Brian R. VanCise said:


> Fascinating that Michigan is number 10 as you can get a CPL here very easily. (with one day of training)




Maybe it is because of all the caveats that makes it illegal to carry the firearm anywhere???


----------



## Hawke (Apr 1, 2008)

My state is #1.

But in Orange County, back when we had a certain sheriff, CCW license was a rubber stamp for all US citizens over the age of 21 (forgot the age) with a clean record.

In Los Angeles you need to be in politics, be a big actor, or join certain groups.  

The sheriff in LA and the sheriff in OC have different POVs about gun control.  The LA Sheriff website makes you jump through hoops before you can download the application for a CCW.  The OC Sheriff website in one click away.

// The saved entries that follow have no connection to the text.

(* Let $\Gamma$ be an oriented hypergraph with $A\neq\mathbf 0$ and strong coloring number $\chi=\chi(\Gamma)$, and suppose $\chi=\dfrac{\lambda_N-\lambda_1}{\lambda_N-1}$. Let $h$ be any eigenfunction of $L$ with eigenvalue $\lambda_1$, and let $V_1,\dots,V_\chi$ be the color classes of any proper strong $\chi$-coloring. Then: (1) $\operatorname{supp}(h)\cap V_i\neq\varnothing$ for all $1\le i\le\chi$; (2) $S^h_{ij}\ge 0$ for all $1\le i<j\le\chi$; (3) for all $1\le i<j\le\chi$, $\mathrm{RQ}(h_{ij})=\lambda_N=\dfrac{\chi-\lambda_1}{\chi-1}$, and $h_{ij}$ is an eigenfunction of $L$ with eigenvalue $\lambda_N$. Consequently the multiplicity $m_\Gamma(\lambda_N)$ of $\lambda_N=(\chi-\lambda_1)/(\chi-1)$ is at least $\chi-1$, and this inequality is strict if $m_\Gamma(\lambda_1)>1$.
   Context: An oriented hypergraph $\Gamma=(V,E,\varphi)$ consists of a finite vertex set $V$ with $|V|=N$, an edge set $E\subseteq\mathcal P(V)$, and a function $\varphi\colon V\times E\to\{-1,0,1\}$ with $\varphi(v,e)\neq 0$ iff $v\in e$. Two vertices $v,w\in e$ are co-oriented in $e$ if $\varphi(v,e)=\varphi(w,e)$ and anti-oriented in $e$ if $\varphi(v,e)=-\varphi(w,e)$. The degree is $\deg v=|\{e\in E: v\in e\}|$; we assume every vertex has degree at least $1$, and $D=\mathrm{diag}(\deg v)_{v\in V}$. The adjacency matrix $A$ is the $N\times N$ matrix with $A_{v,v}=0$ and, for $v\neq w$, $A_{v,w}=(\#\text{edges in which } v,w \text{ are anti-oriented})-(\#\text{edges in which } v,w \text{ are co-oriented})$. The normalized Laplacian is $L=\mathrm{Id}-D^{-1}A$; it is self-adjoint for $\langle f,g\rangle=\sum_{v}\deg v\, f(v)g(v)$ on functions $V\to\mathbb R$, with (real) eigenvalues $\lambda_1\le\dots\le\lambda_N$; $m_\Gamma(\lambda)$ denotes the multiplicity of $\lambda$. The Rayleigh quotient of $f\neq0$ is $\mathrm{RQ}(f)=\langle Lf,f\rangle/\langle f,f\rangle$. A proper strong $k$-coloring is a map $V\to\{1,\dots,k\}$ such that any two distinct vertices in a common edge receive different colors; $\chi(\Gamma)$ is the least such $k$. For a function $h\colon V\to\mathbb R$ and color classes $V_1,\dots,V_\chi$, define $S^h_{ij}=\sum_{v\in V_i,\,w\in V_j}A_{v,w}h(v)h(w)$, and define $h_{ij}\colon V\to\mathbb R$ by $h_{ij}(v)=h(v)$ if $v\in V_i$, $h_{ij}(v)=-h(v)$ if $v\in V_j$, and $h_{ij}(v)=0$ otherwise. *)

From HB Require Import structures.
From mathcomp Require Import all_boot all_order all_algebra.
From mathcomp Require Import reals.
Set Implicit Arguments. Unset Strict Implicit. Unset Printing Implicit Defensive.
Import Order.TTheory GRing.Theory Num.Theory.
Local Open Scope ring_scope.

(* An oriented hypergraph on the vertex set V = 'I_n (N = n vertices):
   an edge set E ⊆ P(V) and an incidence function phi : V × E -> {-1,0,1}. *)
Record ohg (n : nat) := OHG {
  edges  : {set {set 'I_n}};
  orient : 'I_n -> {set 'I_n} -> int }.

Definition deg n (G : ohg n) (v : 'I_n) : nat := #|[set e in edges G | v \in e]|.

Definition wf_ohg n (G : ohg n) : Prop :=
  (forall v e, e \in edges G -> orient G v e \in [:: -1; 0; 1]%R) /\
  (forall v e, e \in edges G -> (orient G v e != 0) = (v \in e)) /\
  (forall v, (1 <= deg G v)%N).

Section Spectral.
Variable R : realType.
Variable n : nat.
Variable G : ohg n.

Definition adj : 'M[R]_n :=
  \matrix_(v, w) (if v == w then 0 else
     (#|[set e in edges G | [&& v \in e, w \in e & orient G v e == - orient G w e]]|%:R
    - #|[set e in edges G | [&& v \in e, w \in e & orient G v e == orient G w e]]|%:R)).

Definition degmx : 'M[R]_n := diag_mx (\row_v (deg G v)%:R).

Definition laplacian : 'M[R]_n := 1%:M - invmx degmx *m adj.

Definition ip (f g : 'cV[R]_n) : R := \sum_v (deg G v)%:R * f v 0 * g v 0.

Definition RQ (f : 'cV[R]_n) : R := ip (laplacian *m f) f / ip f f.

Definition is_eigenfun (f : 'cV[R]_n) (l : R) : Prop :=
  f != 0 /\ laplacian *m f = l *: f.

Definition is_eigenvalue (l : R) : Prop := exists f, is_eigenfun f l.
(* The unit tangent e of the curve turns at rate |kappa| |gamma'|, so |e t - e m| is at most
   the total curvature K accumulated between m and t.  Projecting an arc of total curvature
   theta onto the tangent at its curvature midpoint shows that its chord is at least
   (1 - theta^2/8) times its length.  A closed curve has a zero chord over one period, hence
   total curvature at least 2 sqrt 2, so it contains an arc of total curvature 13/10, whose
   length L is at most 800/631 times its chord, hence at most 800/631 diam gamma.  Integrating
   the tangent-line bound |kappa|^q >= d^(1-q) (q |kappa| - (q - 1)/d) with d = diam gamma over
   this arc gives an energy at least d^(1-q) (13 q / 10 - (q - 1) L / d) >= d^(1-q). *)

From HB Require Import structures.
From mathcomp Require Import all_boot all_order all_algebra.
From mathcomp Require Import all_classical all_reals all_analysis.
From mathcomp Require Import measurable_realfun.
From mathcomp Require Import ring lra.
Import Order.TTheory GRing.Theory Num.Theory.
Import numFieldNormedType.Exports.
Local Open Scope classical_set_scope.
Local Open Scope ring_scope.

Section RealCalculus.
Context {R : realType}.
Implicit Types (f g F df dg : R -> R) (a b : R).
Let yx : y != x. Proof. by apply: contraTneq exy => ->; rewrite e_irr. Qed.

Definition reattach f := update f x (mate x (f y)).

Lemma update_choice f w : choice_fun f -> w \in L x -> choice_fun (update f x w).
Proof.
move=> /forallP fL wx; apply/forallP => z; rewrite ffunE.
by case: eqP => [->|]; rewrite ?fL.
Qed.

Lemma update_other f w j : j \in K -> j != i ->
  hE (update f x w (u j)) (update f x w (v j)) = hE (f (u j)) (f (v j)).
Proof.
by move=> jK ji; have /andP[ujx vjx] := x_leaf jK ji; rewrite !ffunE (negbTE ujx) (negbTE vjx).
Qed.

Lemma reattach_lifts f : f \in lifts (K :\ i) -> reattach f \in lifts K.
Proof.
rewrite !inE => /andP[fL /forallP fK]; have [mx hm] := mateP exy (forallP fL y).
rewrite update_choice //=; apply/forallP => j; apply/implyP => jK.
case: (eqVneq j i) => [->|ji]; first by rewrite lift_i !ffunE eqxx (negbTE yx).
by rewrite update_other //; have := fK j; rewrite !inE ji jK.
Qed.

Lemma update_lifts f w : f \in lifts K -> w \in L x -> update f x w \in lifts (K :\ i).
Proof.
rewrite !inE => /andP[fL /forallP fK] wx; rewrite update_choice //=.
apply/forallP => j; apply/implyP; rewrite !inE => /andP[ji jK].
by rewrite update_other //; have := fK j; rewrite jK.
Qed.
(** t-norm on [0,1] (values outside [0,1] are irrelevant). *)
Definition is_tnorm (T : R -> R -> R) : Prop :=
  [/\ (forall x y, unit_iv x -> unit_iv y -> unit_iv (T x y)),
      (forall x y, unit_iv x -> unit_iv y -> T x y = T y x),
      (forall x y z, unit_iv x -> unit_iv y -> unit_iv z ->
          T x (T y z) = T (T x y) z),
      (forall x x' y, unit_iv x -> unit_iv x' -> unit_iv y -> x <= x' ->
          T x y <= T x' y)
    & (forall x, unit_iv x -> T x 1 = x)].

(** left-continuity (in the first argument; by commutativity in both). *)
Definition left_continuous_tnorm (T : R -> R -> R) : Prop :=
  is_tnorm T /\
  forall x y, 0 < x <= 1 -> unit_iv y ->
    (fun z => T z y) @ x^'- --> T x y.

Definition resI (T : R -> R -> R) (x y : R) : R :=
  sup [set b : R | unit_iv b /\ T x b <= y].

Definition resN (T : R -> R -> R) (x : R) : R := resI T x 0.

Definition IMTL_triplet (T : R -> R -> R) : Prop :=
  left_continuous_tnorm T /\ forall x, unit_iv x -> resN T (resN T x) = x.

Variable U : finType.

Definition fuzzy_rel (Rt : U -> U -> R) : Prop := forall u v, unit_iv (Rt u v).

Definition T_preorder (T : R -> R -> R) (Rt : U -> U -> R) : Prop :=
  [/\ fuzzy_rel Rt, (forall u, Rt u u = 1)
    & forall u v w, T (Rt u v) (Rt v w) <= Rt u w].

Definition fuzzy_set (A : U -> R) : Prop := forall u, unit_iv (A u).

Definition granule_plus (T : R -> R -> R) (Rt : U -> U -> R) (l : R) (u : U) : U -> R :=
  fun w => T (Rt w u) l.
Definition granule_minus (T : R -> R -> R) (Rt : U -> U -> R) (l : R) (v : U) : U -> R :=
  fun w => T (Rt v w) l.

(** R^-_{l2}(y) is adjacent to R^+_{l1}(x) *)
Definition adj_minus_to_plus (T : R -> R -> R) (Rt : U -> U -> R)
  (y : U) (l2 : R) (x : U) (l1 : R) : Prop :=
  l1 = resI T l2 (resN T (Rt y x)).

(** R^+_{l1}(x) is adjacent to R^-_{l2}(y) *)
Definition adj_plus_to_minus (T : R -> R -> R) (Rt : U -> U -> R)
  (x : U) (l1 : R) (y : U) (l2 : R) : Prop :=
  l2 = resI T l1 (resN T (Rt y x)).

End FuzzyDefs.

(** loss function L : R x R -> R^+ of \/-type
    ("increasing"/"decreasing" read as strict) *)
Definition vee_loss (R : realType) (L : R -> R -> R) : Prop :=
  [/\ (forall x y, 0 <= L x y),
      (forall a, L a a = 0),
      (forall a x y, a < x -> x < y -> L x a < L y a /\ L a x < L a y)
    & (forall a x y, y < x -> x < a -> L x a < L y a /\ L a x < L a y)].

Definition feasible (R : realType) (U : finType) (T : R -> R -> R)
  (Rt : U -> U -> R) (B : U -> R) : Prop :=
  (forall u v, T (Rt u v) (B v) <= B u) /\ (forall u, 0 <= B u <= 1).

Definition optimal_solution (R : realType) (U : finType) (T : R -> R -> R)
  (Rt : U -> U -> R) (A : U -> R) (L : R -> R -> R) (Ahat : U -> R) : Prop :=
  feasible T Rt Ahat /\
  forall B : U -> R, feasible T Rt B ->
    \sum_(u : U) L (A u) (Ahat u) <= \sum_(u : U) L (A u) (B u).

(* An optimal [Ahat] is a fixed point of two closure operators: the least
   feasible function above [min(A, Ahat)], [u |-> max_y T(R(u,y), min(A y, Ahat y))],
   and the greatest feasible function below [max(A, Ahat)],
   [u |-> min_y I(R(y,u), max(A y, Ahat y))].  Both lie between [A] and [Ahat]
   pointwise, so if either differed from [Ahat] it would strictly lower the
   total loss.  Hence [Ahat u] is generated by some [v] as [T(R(u,v), Ahat v)],
   resp. as [I(R(v,u), Ahat v)]; taking [v] with [A v] maximal (resp. minimal)
   among the generators forces [Ahat v <= A v] (resp. [A v <= Ahat v]).  Since
   [I(a, N b) = N(T(a, b))] and [N] is involutive, these identities are exactly
   the two adjacency relations. *)

From HB Require Import structures.
From mathcomp Require Import all_boot all_order all_algebra.
From mathcomp Require Import all_classical all_reals all_analysis.
Import Order.TTheory GRing.Theory Num.Theory.
Local Open Scope classical_set_scope.
Local Open Scope ring_scope.
Set Implicit Arguments. Unset Strict Implicit.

Los Angeles wants to keep the guns mainly for the LEOs.  So a law abiding citizen has no gun.  High probability that mugger with the gun probably doesn't have a CCW license.  This is a tough situation for the law abiding citizen.


----------



## tkd1964 (Apr 4, 2008)

Brian R. VanCise said:


> Fascinating that Michigan is number 10 as you can get a CPL here very easily. (with one day of training)


 
Not only that, you can own classIII weapons and no city can make a gun law more stringent than the State. Many cities like NY, Chicago, etc. have more strict rules then the state does and this causes problems with travelers who don't know the law.


----------



## Obi Wan Shinobi (May 6, 2008)

Well Florida is T-32 on that list but things have changed here in the Sunshine State. The Castle Doctrine law is now in effect where law abiding citizens don't have to submit to a criminal they can now stand their ground and fight. Also a bill just passed allowing law abiding gun owners to be able to carry their firearms to work in their vehicles with the exception to prisons, schools, and certain other government buildings. The only thing I don't like or agree with and I'm not sure if it is a State matter but Police officers who train with firearms regularly and/or are firearms instructors have to abide by the mandatory 3 day waiting period on a gun where Joe Shmoe who takes a gun safety course and demonstrates he can point and shoot a gun in the right direction and gets a concealed weapons permit does not have to wait 3 days when they buy a handgun. That doesn't make sense to me but sae la vie.


----------



## KenpoTex (May 7, 2008)

Fla. has a 3 day waiting period...huh, news to me.

Would the cops be able to skip the waiting period if they had a CCW permit (apart from their status as LE)?


----------



## Obi Wan Shinobi (May 8, 2008)

See thats the thing that makes it all crazy...Cops train yearly with their firearms by having to qualify according to their agency's standards. Not to mention they received in depth instruction on firearms in the academy. But cops still have to wait 3 days before receiving a gun purchased with the exception of a trade in or if he/she carries a Concealed Weapons Permit.


----------



## hongkongfooey (May 18, 2008)

People's Republik of Maryland #5


----------



## 7starmarc (May 30, 2008)

California - We're number one! We're numbe....  oh crap.

I understand that here in the Golden State, we have about a year and a half before our "number one" status will be by an even larger margin (via the microstamping law, see link below) 

http://www.pafoa.org/forum/national-11/10451-ca-microstamping-bill-passed.html


----------



## Deaf Smith (May 30, 2008)

How does it rate? So well I sing.... (ok, I'm trying not to have a big head over this.)

Texas, our Texas! All hail the mighty State!
Texas, our Texas! So wonderful so great! 
Boldest and grandest, Withstanding ev'ry test; 
O Empire wide and glorious, You stand supremely blest. 

God bless you Texas! And keep you brave and strong, 
That you may grow in power and worth, Thro'out the ages long.

Texas, O Texas! Your freeborn single star, 
Sends out its radiance to nations near and far. 
Emblem of freedom! It sets our hearts aglow, 
With thoughts of San Jacinto and glorious Alamo. 

God bless you Texas! And keep you brave and strong, 
That you may grow in power and worth, Thro'out the ages long.

Texas, dear Texas! From tyrant grip now free, 
Shines forth in splendor your star of destiny! 
Mother of heroes! We come your children true, 
Proclaiming our allegiance, our faith, our love for you. 

God bless you Texas! And keep you brave and strong, 
That you may grow in power and worth, Thro'out the ages long.


----------